• **EXERCISE AIM**
Set down exactly the lines below between the line holding "Lemma conj_toC (r : R) : (toC r)^* = toC r." and the line holding "Let U_inv : invmx U = U ^t*.", inclusive; no other line belongs in the answer.

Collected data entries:
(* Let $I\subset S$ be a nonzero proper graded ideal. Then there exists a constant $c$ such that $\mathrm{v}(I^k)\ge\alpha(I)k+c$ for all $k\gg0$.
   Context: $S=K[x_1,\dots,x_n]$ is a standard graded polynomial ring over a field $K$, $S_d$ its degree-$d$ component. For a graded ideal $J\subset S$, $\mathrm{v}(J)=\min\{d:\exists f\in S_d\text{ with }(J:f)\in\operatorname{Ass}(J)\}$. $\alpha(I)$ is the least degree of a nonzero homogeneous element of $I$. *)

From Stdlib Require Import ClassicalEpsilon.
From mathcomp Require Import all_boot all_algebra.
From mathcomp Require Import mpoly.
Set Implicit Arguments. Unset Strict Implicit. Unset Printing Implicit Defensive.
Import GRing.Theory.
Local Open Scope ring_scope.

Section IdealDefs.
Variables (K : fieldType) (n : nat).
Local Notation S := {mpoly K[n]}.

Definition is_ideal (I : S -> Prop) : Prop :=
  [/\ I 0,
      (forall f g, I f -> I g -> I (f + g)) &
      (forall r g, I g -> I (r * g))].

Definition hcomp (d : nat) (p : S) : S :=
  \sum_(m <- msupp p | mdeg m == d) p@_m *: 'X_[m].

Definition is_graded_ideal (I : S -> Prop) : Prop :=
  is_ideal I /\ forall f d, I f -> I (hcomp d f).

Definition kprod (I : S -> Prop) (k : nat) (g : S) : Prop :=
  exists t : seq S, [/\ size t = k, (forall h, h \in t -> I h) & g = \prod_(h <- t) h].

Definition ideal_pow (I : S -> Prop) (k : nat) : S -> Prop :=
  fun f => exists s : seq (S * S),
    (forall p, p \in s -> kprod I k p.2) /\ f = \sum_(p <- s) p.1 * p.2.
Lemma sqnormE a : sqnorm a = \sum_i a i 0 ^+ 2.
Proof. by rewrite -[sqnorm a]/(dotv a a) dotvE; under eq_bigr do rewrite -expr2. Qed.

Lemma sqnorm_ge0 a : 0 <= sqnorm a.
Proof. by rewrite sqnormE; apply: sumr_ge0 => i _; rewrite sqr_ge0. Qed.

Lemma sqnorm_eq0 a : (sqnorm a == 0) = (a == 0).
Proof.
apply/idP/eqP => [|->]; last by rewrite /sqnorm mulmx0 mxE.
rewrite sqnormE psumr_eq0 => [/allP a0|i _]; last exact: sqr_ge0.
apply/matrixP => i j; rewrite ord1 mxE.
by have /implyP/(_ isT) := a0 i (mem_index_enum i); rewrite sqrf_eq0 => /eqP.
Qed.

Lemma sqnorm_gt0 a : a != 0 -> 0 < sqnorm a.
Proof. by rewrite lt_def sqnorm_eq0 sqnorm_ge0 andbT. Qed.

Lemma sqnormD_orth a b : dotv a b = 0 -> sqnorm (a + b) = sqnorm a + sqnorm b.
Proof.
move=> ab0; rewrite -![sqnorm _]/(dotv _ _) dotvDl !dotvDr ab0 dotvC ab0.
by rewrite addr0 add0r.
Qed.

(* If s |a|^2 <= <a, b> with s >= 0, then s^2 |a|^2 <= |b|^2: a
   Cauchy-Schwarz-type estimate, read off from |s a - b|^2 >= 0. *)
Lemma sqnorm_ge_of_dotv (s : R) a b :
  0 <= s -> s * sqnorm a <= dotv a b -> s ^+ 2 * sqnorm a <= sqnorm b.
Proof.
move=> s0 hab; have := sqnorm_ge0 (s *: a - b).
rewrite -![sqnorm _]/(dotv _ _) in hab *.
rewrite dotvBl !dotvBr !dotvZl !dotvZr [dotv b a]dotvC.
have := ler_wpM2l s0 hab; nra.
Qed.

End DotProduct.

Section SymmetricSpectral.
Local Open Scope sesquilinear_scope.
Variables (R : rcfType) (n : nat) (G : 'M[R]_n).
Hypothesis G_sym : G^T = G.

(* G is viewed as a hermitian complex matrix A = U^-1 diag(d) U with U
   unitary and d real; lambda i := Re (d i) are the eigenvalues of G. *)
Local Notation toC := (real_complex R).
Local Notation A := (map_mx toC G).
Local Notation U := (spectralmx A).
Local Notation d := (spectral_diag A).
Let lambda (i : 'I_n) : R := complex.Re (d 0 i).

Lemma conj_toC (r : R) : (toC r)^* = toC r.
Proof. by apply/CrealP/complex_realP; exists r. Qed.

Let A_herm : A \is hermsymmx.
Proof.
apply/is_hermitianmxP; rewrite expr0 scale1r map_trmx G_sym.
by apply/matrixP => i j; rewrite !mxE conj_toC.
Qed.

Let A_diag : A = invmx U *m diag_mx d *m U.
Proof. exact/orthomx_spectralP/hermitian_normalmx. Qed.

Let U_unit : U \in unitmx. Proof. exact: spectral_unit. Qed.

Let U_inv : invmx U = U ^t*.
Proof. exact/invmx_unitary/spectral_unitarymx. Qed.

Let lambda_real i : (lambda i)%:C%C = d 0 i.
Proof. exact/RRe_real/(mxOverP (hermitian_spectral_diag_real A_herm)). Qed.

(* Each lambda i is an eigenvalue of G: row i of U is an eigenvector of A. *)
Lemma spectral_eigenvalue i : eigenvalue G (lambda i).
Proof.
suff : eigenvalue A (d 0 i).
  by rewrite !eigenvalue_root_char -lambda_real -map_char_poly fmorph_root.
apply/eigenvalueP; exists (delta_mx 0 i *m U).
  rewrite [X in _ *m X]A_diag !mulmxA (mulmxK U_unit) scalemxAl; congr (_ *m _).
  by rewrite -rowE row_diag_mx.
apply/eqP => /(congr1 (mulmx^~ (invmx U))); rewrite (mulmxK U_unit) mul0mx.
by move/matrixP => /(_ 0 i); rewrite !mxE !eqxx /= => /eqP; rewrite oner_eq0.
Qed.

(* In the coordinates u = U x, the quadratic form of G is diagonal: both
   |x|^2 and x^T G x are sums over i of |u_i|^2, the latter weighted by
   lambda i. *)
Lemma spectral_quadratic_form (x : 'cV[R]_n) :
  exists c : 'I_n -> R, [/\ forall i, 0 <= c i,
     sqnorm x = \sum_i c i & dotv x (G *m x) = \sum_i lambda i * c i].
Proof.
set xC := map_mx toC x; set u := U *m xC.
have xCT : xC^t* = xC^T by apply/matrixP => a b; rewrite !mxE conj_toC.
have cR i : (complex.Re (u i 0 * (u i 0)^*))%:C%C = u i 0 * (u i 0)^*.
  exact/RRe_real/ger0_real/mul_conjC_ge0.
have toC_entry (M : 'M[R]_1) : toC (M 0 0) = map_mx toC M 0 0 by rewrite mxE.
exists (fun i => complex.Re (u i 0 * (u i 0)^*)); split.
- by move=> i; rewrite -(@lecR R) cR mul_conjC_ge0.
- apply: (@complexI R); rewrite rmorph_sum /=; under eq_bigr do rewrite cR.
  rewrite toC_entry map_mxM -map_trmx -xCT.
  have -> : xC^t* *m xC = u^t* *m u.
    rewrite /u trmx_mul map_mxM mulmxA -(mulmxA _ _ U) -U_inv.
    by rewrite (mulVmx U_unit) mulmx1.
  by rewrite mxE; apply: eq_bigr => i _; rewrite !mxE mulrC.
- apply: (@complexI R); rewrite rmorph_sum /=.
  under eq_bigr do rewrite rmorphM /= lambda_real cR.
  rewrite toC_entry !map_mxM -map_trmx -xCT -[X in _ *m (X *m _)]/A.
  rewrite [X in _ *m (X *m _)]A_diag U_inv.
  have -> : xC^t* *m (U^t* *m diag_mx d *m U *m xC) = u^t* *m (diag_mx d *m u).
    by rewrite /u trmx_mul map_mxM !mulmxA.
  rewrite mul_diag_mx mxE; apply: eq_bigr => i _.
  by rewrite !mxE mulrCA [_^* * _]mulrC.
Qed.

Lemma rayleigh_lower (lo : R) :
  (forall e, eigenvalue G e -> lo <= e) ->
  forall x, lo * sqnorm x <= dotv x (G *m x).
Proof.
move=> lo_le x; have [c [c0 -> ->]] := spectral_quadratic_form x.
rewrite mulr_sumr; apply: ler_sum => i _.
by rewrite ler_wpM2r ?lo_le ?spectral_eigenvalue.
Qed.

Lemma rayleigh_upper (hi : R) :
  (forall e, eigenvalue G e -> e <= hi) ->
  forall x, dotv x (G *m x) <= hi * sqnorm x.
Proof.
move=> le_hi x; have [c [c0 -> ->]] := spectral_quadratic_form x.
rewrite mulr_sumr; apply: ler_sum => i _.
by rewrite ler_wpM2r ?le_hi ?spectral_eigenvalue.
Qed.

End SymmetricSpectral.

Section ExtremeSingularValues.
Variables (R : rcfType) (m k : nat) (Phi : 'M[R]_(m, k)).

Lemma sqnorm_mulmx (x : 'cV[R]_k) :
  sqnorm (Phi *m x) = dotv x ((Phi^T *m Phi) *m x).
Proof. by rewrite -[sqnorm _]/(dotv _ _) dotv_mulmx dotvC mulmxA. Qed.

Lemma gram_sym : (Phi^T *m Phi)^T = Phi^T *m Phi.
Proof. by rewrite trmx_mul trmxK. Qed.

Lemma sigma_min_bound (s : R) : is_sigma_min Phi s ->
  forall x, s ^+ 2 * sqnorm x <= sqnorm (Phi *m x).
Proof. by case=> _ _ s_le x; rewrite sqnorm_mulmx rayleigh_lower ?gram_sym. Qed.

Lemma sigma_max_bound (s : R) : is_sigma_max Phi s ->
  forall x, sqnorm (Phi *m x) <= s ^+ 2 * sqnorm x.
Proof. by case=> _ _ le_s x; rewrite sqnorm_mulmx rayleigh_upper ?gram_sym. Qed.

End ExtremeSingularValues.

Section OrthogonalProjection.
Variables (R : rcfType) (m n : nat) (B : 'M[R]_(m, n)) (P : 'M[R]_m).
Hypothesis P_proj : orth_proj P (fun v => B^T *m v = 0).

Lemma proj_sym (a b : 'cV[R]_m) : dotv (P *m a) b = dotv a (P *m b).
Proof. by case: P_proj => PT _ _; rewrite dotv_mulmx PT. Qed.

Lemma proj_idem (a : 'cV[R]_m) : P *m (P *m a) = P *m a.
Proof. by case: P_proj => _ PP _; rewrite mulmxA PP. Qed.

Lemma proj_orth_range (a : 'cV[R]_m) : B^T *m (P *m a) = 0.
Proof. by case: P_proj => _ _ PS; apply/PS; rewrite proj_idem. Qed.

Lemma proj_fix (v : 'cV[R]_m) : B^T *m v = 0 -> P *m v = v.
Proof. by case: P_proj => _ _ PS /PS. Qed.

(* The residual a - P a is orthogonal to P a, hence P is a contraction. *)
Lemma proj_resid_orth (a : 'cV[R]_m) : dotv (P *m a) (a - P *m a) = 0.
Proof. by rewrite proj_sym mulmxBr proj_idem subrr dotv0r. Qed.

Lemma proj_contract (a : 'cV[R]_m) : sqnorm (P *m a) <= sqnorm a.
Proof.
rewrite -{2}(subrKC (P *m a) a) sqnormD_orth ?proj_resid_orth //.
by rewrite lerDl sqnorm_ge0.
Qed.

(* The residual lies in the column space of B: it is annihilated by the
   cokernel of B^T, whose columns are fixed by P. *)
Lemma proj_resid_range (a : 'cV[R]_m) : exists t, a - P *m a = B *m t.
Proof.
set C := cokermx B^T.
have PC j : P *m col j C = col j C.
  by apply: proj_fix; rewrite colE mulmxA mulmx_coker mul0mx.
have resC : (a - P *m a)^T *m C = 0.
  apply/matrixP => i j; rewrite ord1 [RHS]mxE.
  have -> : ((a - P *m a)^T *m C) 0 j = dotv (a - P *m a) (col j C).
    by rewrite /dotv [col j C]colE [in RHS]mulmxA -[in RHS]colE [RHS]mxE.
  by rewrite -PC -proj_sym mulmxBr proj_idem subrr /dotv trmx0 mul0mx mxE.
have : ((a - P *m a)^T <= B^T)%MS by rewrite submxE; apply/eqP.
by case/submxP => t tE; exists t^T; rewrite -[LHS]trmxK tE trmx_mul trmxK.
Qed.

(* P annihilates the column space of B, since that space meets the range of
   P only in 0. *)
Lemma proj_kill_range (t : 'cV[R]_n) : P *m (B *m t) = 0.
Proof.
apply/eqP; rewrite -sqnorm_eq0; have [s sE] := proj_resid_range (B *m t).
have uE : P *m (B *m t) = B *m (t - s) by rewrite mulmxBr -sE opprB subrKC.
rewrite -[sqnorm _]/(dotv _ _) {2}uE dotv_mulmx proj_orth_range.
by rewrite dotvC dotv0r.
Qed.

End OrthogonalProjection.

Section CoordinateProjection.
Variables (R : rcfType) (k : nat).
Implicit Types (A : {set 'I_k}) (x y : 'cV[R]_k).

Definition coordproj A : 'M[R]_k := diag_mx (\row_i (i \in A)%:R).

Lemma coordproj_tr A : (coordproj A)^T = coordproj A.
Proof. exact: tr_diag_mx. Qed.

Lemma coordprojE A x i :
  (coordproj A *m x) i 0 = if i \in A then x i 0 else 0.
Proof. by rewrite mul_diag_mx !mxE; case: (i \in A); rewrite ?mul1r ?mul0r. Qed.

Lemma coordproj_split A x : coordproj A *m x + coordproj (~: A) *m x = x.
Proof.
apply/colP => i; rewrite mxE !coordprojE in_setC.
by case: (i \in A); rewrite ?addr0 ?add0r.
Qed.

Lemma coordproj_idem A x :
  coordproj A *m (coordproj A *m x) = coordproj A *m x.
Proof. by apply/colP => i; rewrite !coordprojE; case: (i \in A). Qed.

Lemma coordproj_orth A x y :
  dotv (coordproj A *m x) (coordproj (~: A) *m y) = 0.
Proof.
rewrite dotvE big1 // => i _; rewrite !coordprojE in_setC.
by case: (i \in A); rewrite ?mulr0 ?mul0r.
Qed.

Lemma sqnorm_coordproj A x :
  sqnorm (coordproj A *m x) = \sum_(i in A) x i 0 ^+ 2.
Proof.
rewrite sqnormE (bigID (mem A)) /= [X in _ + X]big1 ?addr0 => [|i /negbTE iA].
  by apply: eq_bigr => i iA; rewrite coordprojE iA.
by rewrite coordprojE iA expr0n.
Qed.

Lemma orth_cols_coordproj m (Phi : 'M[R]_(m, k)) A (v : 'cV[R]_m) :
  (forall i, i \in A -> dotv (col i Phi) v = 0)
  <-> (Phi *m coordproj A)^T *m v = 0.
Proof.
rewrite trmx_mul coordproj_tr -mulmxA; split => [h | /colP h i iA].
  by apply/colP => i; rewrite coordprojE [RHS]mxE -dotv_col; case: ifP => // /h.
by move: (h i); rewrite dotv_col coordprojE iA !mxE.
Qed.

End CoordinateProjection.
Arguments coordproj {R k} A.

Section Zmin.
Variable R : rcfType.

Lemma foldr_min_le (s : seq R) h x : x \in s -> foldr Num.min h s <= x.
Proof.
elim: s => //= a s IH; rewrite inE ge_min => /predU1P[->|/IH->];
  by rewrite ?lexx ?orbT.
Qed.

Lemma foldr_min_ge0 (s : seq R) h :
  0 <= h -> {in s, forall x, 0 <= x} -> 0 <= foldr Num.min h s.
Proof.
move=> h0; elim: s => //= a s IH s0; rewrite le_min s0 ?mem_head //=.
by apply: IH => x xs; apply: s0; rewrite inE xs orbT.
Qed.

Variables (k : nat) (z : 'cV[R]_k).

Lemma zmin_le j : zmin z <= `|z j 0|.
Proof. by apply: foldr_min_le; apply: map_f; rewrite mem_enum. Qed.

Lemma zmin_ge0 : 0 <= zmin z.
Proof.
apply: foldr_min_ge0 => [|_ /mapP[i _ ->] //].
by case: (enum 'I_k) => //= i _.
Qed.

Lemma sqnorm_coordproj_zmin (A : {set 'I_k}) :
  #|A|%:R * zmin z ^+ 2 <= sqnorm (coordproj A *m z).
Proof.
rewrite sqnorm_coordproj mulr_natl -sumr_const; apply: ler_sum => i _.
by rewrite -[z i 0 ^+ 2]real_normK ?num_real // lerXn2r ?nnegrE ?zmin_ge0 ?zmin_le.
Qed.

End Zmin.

• **ANSWER SECTION**
Lemma conj_toC (r : R) : (toC r)^* = toC r.
Proof. by apply/CrealP/complex_realP; exists r. Qed.

Let A_herm : A \is hermsymmx.
Proof.
apply/is_hermitianmxP; rewrite expr0 scale1r map_trmx G_sym.
by apply/matrixP => i j; rewrite !mxE conj_toC.
Qed.

Let A_diag : A = invmx U *m diag_mx d *m U.
Proof. exact/orthomx_spectralP/hermitian_normalmx. Qed.

Let U_unit : U \in unitmx. Proof. exact: spectral_unit. Qed.

Let U_inv : invmx U = U ^t*.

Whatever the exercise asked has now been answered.